[DATASET ENTRIES]
(* Let $k$ be a field of characteristic $0$, $R=k[x_1,\ldots,x_n]$, and let $I\subset R$ be a homogeneous Artinian ideal, with $f_2,\ldots,f_n$ and $J_1,\ldots,J_{n-1}$ defined for $\mathrm{gin}(I)$ as in the context. Then $\mathrm{gin}(I)$ is almost reverse lexicographic if and only if for every $1\le i\le n-1$ the following two conditions hold: (1) $f_{i+1}(0,\ldots,0,|\alpha|+1)+1\le f_{i+1}(\alpha)$ for every $\alpha=(\alpha_1,\ldots,\alpha_i)\in J_i$; (2) $f_{i+1}(\beta)\le f_{i+1}(\alpha)$ for all $\alpha,\beta\in J_i$ with $|\alpha|=|\beta|$ and $\alpha<\beta$.
   Context: Monomials of $R$ are ordered by the degree reverse lexicographic order with $x_1>\cdots>x_n$; $\mathrm{gin}(I)$ is the generic initial ideal of $I$ with respect to this order. A homogeneous ideal is Artinian if $R/I$ is finite-dimensional over $k$. A monomial ideal $J$ is almost reverse lexicographic if for every minimal generator $m$ of $J$ and every monomial $M$ with $\deg M=\deg m$ and $M>m$, we have $M\in J$. Define $f_1=\min\{t\mid x_1^t\in\mathrm{gin}(I)\}$ and for $2\le i\le n$, $f_i(\alpha_1,\ldots,\alpha_{i-1})=\min\{t\ge0\mid x_1^{\alpha_1}\cdots x_{i-1}^{\alpha_{i-1}}x_i^t\in\mathrm{gin}(I)\}$ (value $\infty$ if none). For $1\le i\le n-1$, $J_i=\{(\alpha_1,\ldots,\alpha_i)\in\mathbb{Z}_{\ge0}^i\mid \alpha_1<f_1,\ \alpha_j<f_j(\alpha_1,\ldots,\alpha_{j-1})\text{ for }2\le j\le i\}$. For $\alpha\in\mathbb{Z}_{\ge0}^i$, $|\alpha|=\sum_j\alpha_j$, and for $\alpha,\beta\in\mathbb{Z}_{\ge0}^i$ we write $\alpha<\beta$ if $x_1^{\alpha_1}\cdots x_i^{\alpha_i}<x_1^{\beta_1}\cdots x_i^{\beta_i}$ in the reverse lexicographic order. *)

From HB Require Import structures.
From mathcomp Require Import all_boot all_order all_algebra.
From mathcomp Require Import finmap mpoly.
From Stdlib Require Import ClassicalEpsilon.

Set Implicit Arguments.
Unset Strict Implicit.
Unset Printing Implicit Defensive.

Import GRing.Theory.
Local Open Scope ring_scope.

Section GinDefs.
Variables (n : nat) (k : fieldType).

Definition is_ideal (I : {mpoly k[n]} -> Prop) : Prop :=
  [/\ I 0,
      (forall f g, I f -> I g -> I (f + g)) &
      (forall r f, I f -> I (r * f))].

Definition homog_comp (d : nat) (f : {mpoly k[n]}) : {mpoly k[n]} :=
  \sum_(m <- msupp f | mdeg m == d) f@_m *: 'X_[m].

Definition is_homogeneous_ideal (I : {mpoly k[n]} -> Prop) : Prop :=
  is_ideal I /\ forall f d, I f -> I (homog_comp d f).
(** A (real-valued, hence finite) signed Borel measure on T, represented by a
    set function whose values on non-Borel sets are irrelevant. *)
Definition signed_borel_measure {T : topologicalType} (mu : set T -> R) : Prop :=
  mu set0 = 0 /\
  forall F : nat -> set T, (forall n, borel (F n)) -> trivIset setT F ->
    (fun n => \sum_(i < n) mu (F i)) @ \oo --> mu (\bigcup_n F n).

Definition carrier {T : topologicalType} (mu : set T -> R) (D : set T) : Prop :=
  forall B, borel B -> B `<=` ~` D -> mu B = 0.

Definition MTchain {k : nat} {X : topologicalType} (mu : set (SingSimp k X) -> R) : Prop :=
  signed_borel_measure mu /\ exists D, compact D /\ carrier mu D.

Definition meq {T : topologicalType} (mu nu : set T -> R) : Prop :=
  forall A, borel A -> mu A = nu A.

(** Preimage of A under sigma |-> sigma o delta_i (C^0(Delta^(k+1),X) -> C^0(Delta^k,X)). *)
Definition face_preim {k : nat} {X : topologicalType} (i : 'I_(k.+2))
    (A : set (SingSimp k X)) : set (SingSimp k.+1 X) :=
  [set s | exists t : SingSimp k X, A t /\
     forall x : Delta k, (sval t : Delta k -> X) x = (sval s : Delta k.+1 -> X) (delta k i x)].

Definition MTboundary {k : nat} {X : topologicalType} (mu : set (SingSimp k.+1 X) -> R) :
    set (SingSimp k X) -> R :=
  fun A => \sum_(i < k.+2) (-1) ^+ i * mu (face_preim i A).

Definition S_set : set R := [set x | x = 0 \/ exists k : nat, x = (k.+1%:R)^-1].
Definition S : Type := set_type S_set.

HB.instance Definition _ := Topological.on S.

Definition ell1 (a : nat -> R) : Prop :=
  cvg ((fun n => \sum_(k < n) `|a k|) @ \oo).

End MilnorThurston.


Arguments signed_borel_measure {R T} mu.
Arguments carrier {R T} mu D.
Arguments MTchain {R k X} mu.
Arguments meq {R T} mu nu.
Arguments face_preim {R k X} i A.
Arguments MTboundary {R k X} mu A.
Arguments ell1 {R} a.

From HB Require Import structures.
From mathcomp Require Import all_boot all_order all_algebra.
From mathcomp Require Import all_classical all_reals all_analysis.
Import Order.TTheory GRing.Theory Num.Theory.
Import numFieldNormedType.Exports.
Local Open Scope classical_set_scope.
Local Open Scope ring_scope.

(* A continuous map from the (path-connected) simplex to S is constant, since S
   has a gap between any two of its points; hence C^0(Delta^k, S) is a copy of
   the compact countable space S, on which every set is Borel and every finite
   signed measure is a Milnor-Thurston chain. All faces of a constant simplex
   agree, so the boundary C_(k+1) -> C_k is the canonical isomorphism times
   \sum_i (-1)^i, which is 0 or 1 as k is even or odd: the complex is
   acyclic in positive degrees, and H_0(S) = C_0(S) is the space of signed
   measures on a countable set, i.e. l^1 via the weights of the atoms. *)

Section points_of_S.
Context {R : realType}.

Definition S_ptv (k : nat) : R := if k is k'.+1 then k'.+1%:R^-1 else 0.

Lemma S_ptv_in k : S_ptv k \in S_set R.
Proof. by apply/mem_set; case: k => [|k]; [left | right; exists k]. Qed.

Definition S_pt k : S R := exist _ (S_ptv k) (S_ptv_in k).

Lemma S_ptv_gt0 k : 0 < S_ptv k.+1.
Proof. by rewrite invr_gt0 ltr0n. Qed.

Lemma S_ptv_inj : injective S_ptv.
Proof.
case=> [|m] [|n] //=.
- by move=> /esym/eqP; rewrite invr_eq0 pnatr_eq0.
- by move=> /eqP; rewrite invr_eq0 pnatr_eq0.
by move/invr_inj/eqP; rewrite eqr_nat => /eqP [->].
Qed.

Lemma S_pt_inj : injective S_pt.
Proof. by move=> m n /(congr1 sval) /S_ptv_inj. Qed.

Lemma S_setP (x : R) : S_set R x -> exists k, x = S_ptv k.
Proof. by case=> [->|[k ->]]; [exists 0%N | exists k.+1]. Qed.

Lemma S_ptP (s : S R) : exists k, s = S_pt k.
Proof.
case: s => x xS; have [k xk] := S_setP _ (set_mem xS).
by exists k; apply: val_inj.
Qed.

Lemma S_set_ge0 x : S_set R x -> 0 <= x.
Proof. by case/S_setP => -[|k] ->; rewrite // ltW // S_ptv_gt0. Qed.

Lemma S_ptv_ltS k : S_ptv k.+2 < S_ptv k.+1.
Proof. by rewrite ltf_pV2 ?posrE ?ltr0n // ltr_nat. Qed.

Lemma S_set_gap k x : S_set R x -> S_ptv k.+2 < x -> x < S_ptv k.+1 -> False.
Proof.
case/S_setP => -[|j] ->; first by rewrite ltNge ltW // S_ptv_gt0.
rewrite /= !ltf_pV2 ?posrE ?ltr0n // !ltr_nat => h1 h2.
by move: (leq_ltn_trans h2 h1); rewrite ltnn.
Qed.

Lemma S_set_between u w : S_set R u -> S_set R w -> u < w ->
  exists v, [/\ u < v, v < w & ~ S_set R v].
Proof.
move=> Su /S_setP [[|j] ->] uw.
  by move: (S_set_ge0 _ Su); rewrite leNgt uw.
have uj : u <= S_ptv j.+2.
  case/S_setP: Su uw => -[|i] -> //=.
  rewrite ltf_pV2 ?posrE ?ltr0n // ltr_nat => ji.
  by rewrite lef_pV2 ?posrE ?ltr0n // ler_nat.
have [h1 h2] := midf_lt (S_ptv_ltS j).
exists ((S_ptv j.+2 + S_ptv j.+1) / 2); split => //; first exact: le_lt_trans uj h1.
by move=> /S_set_gap /(_ h1 h2).
Qed.

Lemma nbhs_S_pt0 (B : set (S R)) : nbhs (S_pt 0) B ->
  exists N, forall n, (N <= n)%N -> B (S_pt n).
Proof.
move=> /nbhs_ballP [e /= e0 eB].
exists (Num.truncn e^-1).+1 => n Nn; apply: eB.
change (ball (0 : R) e (S_ptv n)); rewrite -ball_normE /ball_ /= sub0r normrN.
case: n Nn => // m Nm; rewrite /= ger0_norm ?invr_ge0 ?ler0n //.
rewrite -[e]invrK ltf_pV2 ?posrE ?ltr0n ?invr_gt0 //.
apply: lt_le_trans (truncnS_gt _) _; rewrite ler_nat; exact: Nm.
Qed.

(* A filter without cluster point at [S_pt 0] contains a set avoiding a
   neighbourhood of [S_pt 0], hence a finite set. *)
Lemma S_compact : compact [set: S R].
Proof.
move=> F PF _.
have [c0|nc0] := pselect (cluster F (S_pt 0)); first by exists (S_pt 0).
have [A [B [FA nB AB]]] : exists A B, [/\ F A, nbhs (S_pt 0) B & A `&` B = set0].
  apply: contrapT => H; apply: nc0 => A B FA nB.
  by apply/set0P/negP => /eqP AB; apply: H; exists A, B.
have [N hN] := nbhs_S_pt0 _ nB.
have AC : A `<=` S_pt @` `I_N.
  move=> s As; have [n sn] := S_ptP s; exists n; last by rewrite sn.
  rewrite /= ltnNge; apply/negP => Nn.
  have : (A `&` B) s by split => //; rewrite sn; exact: hN.
  by rewrite AB.
have cC : compact (S_pt @` `I_N) by apply/finite_compact/finite_image/finite_II.
have [x [_ clx]] := cC F PF (filterS AC FA).
by exists x.
Qed.

Lemma open_setC1_S (s : S R) : open (~` [set s]).
Proof.
exists (~` [set sval s]).
  apply/closed_openC/accessible_closed_set1.
  exact/hausdorff_accessible/Rhausdorff.
apply/seteqP; split => t /=; first by move=> ne ts; apply: ne; rewrite ts.
by move=> ne e; apply: ne; apply: val_inj.
Qed.

End points_of_S.

Section segments_in_Delta.
Context {R : realType} (k : nat).

Definition clamp01 (t : R) : R := Num.min 1 (Num.max 0 t).

Lemma clamp01_ge0 t : 0 <= clamp01 t.
Proof. by rewrite le_min ler01 le_max lexx. Qed.

Lemma clamp01_le1 t : clamp01 t <= 1.
Proof. by rewrite ge_min lexx. Qed.

Lemma continuous_clamp01 : continuous clamp01.
Proof.
move=> t; apply: continuous_min; first exact: cvg_cst.
by apply: continuous_max; [exact: cvg_cst | exact: cvg_id].
Qed.

Definition segmentv (x y : Delta R k) (t : R) : 'rV[R]_k.+1 :=
  sval x + clamp01 t *: (sval y - sval x).

Lemma segmentv_in x y t : segmentv x y t \in simplex_set R k.
Proof.
have /set_mem [x0 x1] := svalP x; have /set_mem [y0 y1] := svalP y.
apply/mem_set; split.
  move=> i; rewrite !mxE.
  have -> : sval x ord0 i + clamp01 t * (sval y ord0 i - sval x ord0 i) =
      (1 - clamp01 t) * sval x ord0 i + clamp01 t * sval y ord0 i.
    by rewrite mulrBr mulrBl mul1r addrA addrAC.
  by rewrite addr_ge0 // mulr_ge0 // ?clamp01_ge0 // subr_ge0 clamp01_le1.
under eq_bigr do rewrite !mxE.
by rewrite big_split /= -mulr_sumr big_split /= sumrN x1 y1 subrr mulr0 addr0.
Qed.

(* The affine path from [x] to [y], kept constant outside [0, 1] so that it
   is continuous on the whole real line. *)
Definition segment x y t : Delta R k := exist _ (segmentv x y t) (segmentv_in x y t).

Lemma continuous_segment x y : continuous (segment x y).
Proof.
apply: (@continuous_comp_initial _ _ _ (@set_val _ (simplex_set R k))) => t.
apply: (@continuousD _ _ _ (fun=> sval x) (fun t => clamp01 t *: (sval y - sval x))).
  exact: cvg_cst.
exact/continuousZr_tmp/continuous_clamp01.
Qed.

Lemma segment0 x y : segment x y 0 = x.
Proof.
apply: val_inj => /=; rewrite /segmentv.
rewrite (_ : clamp01 _ = 0) ?scale0r ?addr0 //.
by rewrite /clamp01 maxxx; apply/min_idPr/ler01.
Qed.

Lemma segment1 x y : segment x y 1 = y.
Proof.
apply: val_inj => /=; rewrite /segmentv.
rewrite (_ : clamp01 _ = 1) ?scale1r ?[sval x + _]addrC ?subrK //.
by rewrite /clamp01 (max_idPr ler01) minxx.
Qed.

End segments_in_Delta.

(* By the intermediate value theorem along a segment, a non-constant map
   would take a value in one of the gaps of [S]. *)
Lemma continuous_Delta_S_const {R : realType} k (f : Delta R k -> S R) :
  continuous f -> forall x y, f x = f y.
Proof.
move=> cf x y; apply: contrapT => fxy.
pose h t := sval (f (segment k x y t)).
have ch : continuous h.
  move=> t; apply: (@continuous_comp _ _ _ (f \o segment k x y) set_val).
    exact: continuous_comp (continuous_segment _ _ _ _) (cf _).
  exact: initial_continuous.
have Sh t : S_set R (h t) := set_mem (svalP (f (segment k x y t))).
have [v [v1 v2 nSv]] : exists v,
    [/\ Num.min (h 0) (h 1) < v, v < Num.max (h 0) (h 1) & ~ S_set R v].
  have : h 0 != h 1.
    apply/eqP; rewrite /h segment0 segment1 => e.
    by apply: fxy; apply: val_inj.
  by case: ltgtP => // ? _; exact: S_set_between.
have [c _ hc] :=
  IVT ler01 (continuous_subspaceT ch) (introT andP (conj (ltW v1) (ltW v2))).
by apply: nSv; rewrite -hc.
Qed.

Section singular_simplices_of_S.
Context {R : realType}.
Local Notation SS k := (SingSimp R k (S R)).

Definition vertex0v k : 'rV[R]_k.+1 := \row_j (j == ord0)%:R.

Lemma vertex0v_in k : vertex0v k \in simplex_set R k.
Proof.
apply/mem_set; split => [i|]; first by rewrite mxE ler0n.
rewrite (bigD1 ord0) //= mxE eqxx big1 ?addr0 // => i /negPf ni0.
by rewrite mxE ni0.
Qed.

Definition vertex0 k : Delta R k := exist _ (vertex0v k) (vertex0v_in k).

Definition sing_eval k (s : SS k) : S R := (sval s : Delta R k -> S R) (vertex0 k).

Definition sing_const k (p : S R) : SS k :=
  exist _ ((fun _ => p) : {compact-open, Delta R k -> S R})
    (mem_set (@cst_continuous _ _ p)).

Lemma sing_constK k : cancel (sing_const k) (sing_eval k).
Proof. by []. Qed.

[WHAT TO WORK ON]
After locating the line with "k (f : Delta" in the material above, return it and each line after it exactly, ending at the line with "apply/mem_set; split =>".

[WRITTEN ANSWER]
Lemma continuous_Delta_S_const {R : realType} k (f : Delta R k -> S R) :
  continuous f -> forall x y, f x = f y.
Proof.
move=> cf x y; apply: contrapT => fxy.
pose h t := sval (f (segment k x y t)).
have ch : continuous h.
  move=> t; apply: (@continuous_comp _ _ _ (f \o segment k x y) set_val).
    exact: continuous_comp (continuous_segment _ _ _ _) (cf _).
  exact: initial_continuous.
have Sh t : S_set R (h t) := set_mem (svalP (f (segment k x y t))).
have [v [v1 v2 nSv]] : exists v,
    [/\ Num.min (h 0) (h 1) < v, v < Num.max (h 0) (h 1) & ~ S_set R v].
  have : h 0 != h 1.
    apply/eqP; rewrite /h segment0 segment1 => e.
    by apply: fxy; apply: val_inj.
  by case: ltgtP => // ? _; exact: S_set_between.
have [c _ hc] :=
  IVT ler01 (continuous_subspaceT ch) (introT andP (conj (ltW v1) (ltW v2))).
by apply: nSv; rewrite -hc.
Qed.

Section singular_simplices_of_S.
Context {R : realType}.
Local Notation SS k := (SingSimp R k (S R)).

Definition vertex0v k : 'rV[R]_k.+1 := \row_j (j == ord0)%:R.

Lemma vertex0v_in k : vertex0v k \in simplex_set R k.
Proof.
apply/mem_set; split => [i|]; first by rewrite mxE ler0n.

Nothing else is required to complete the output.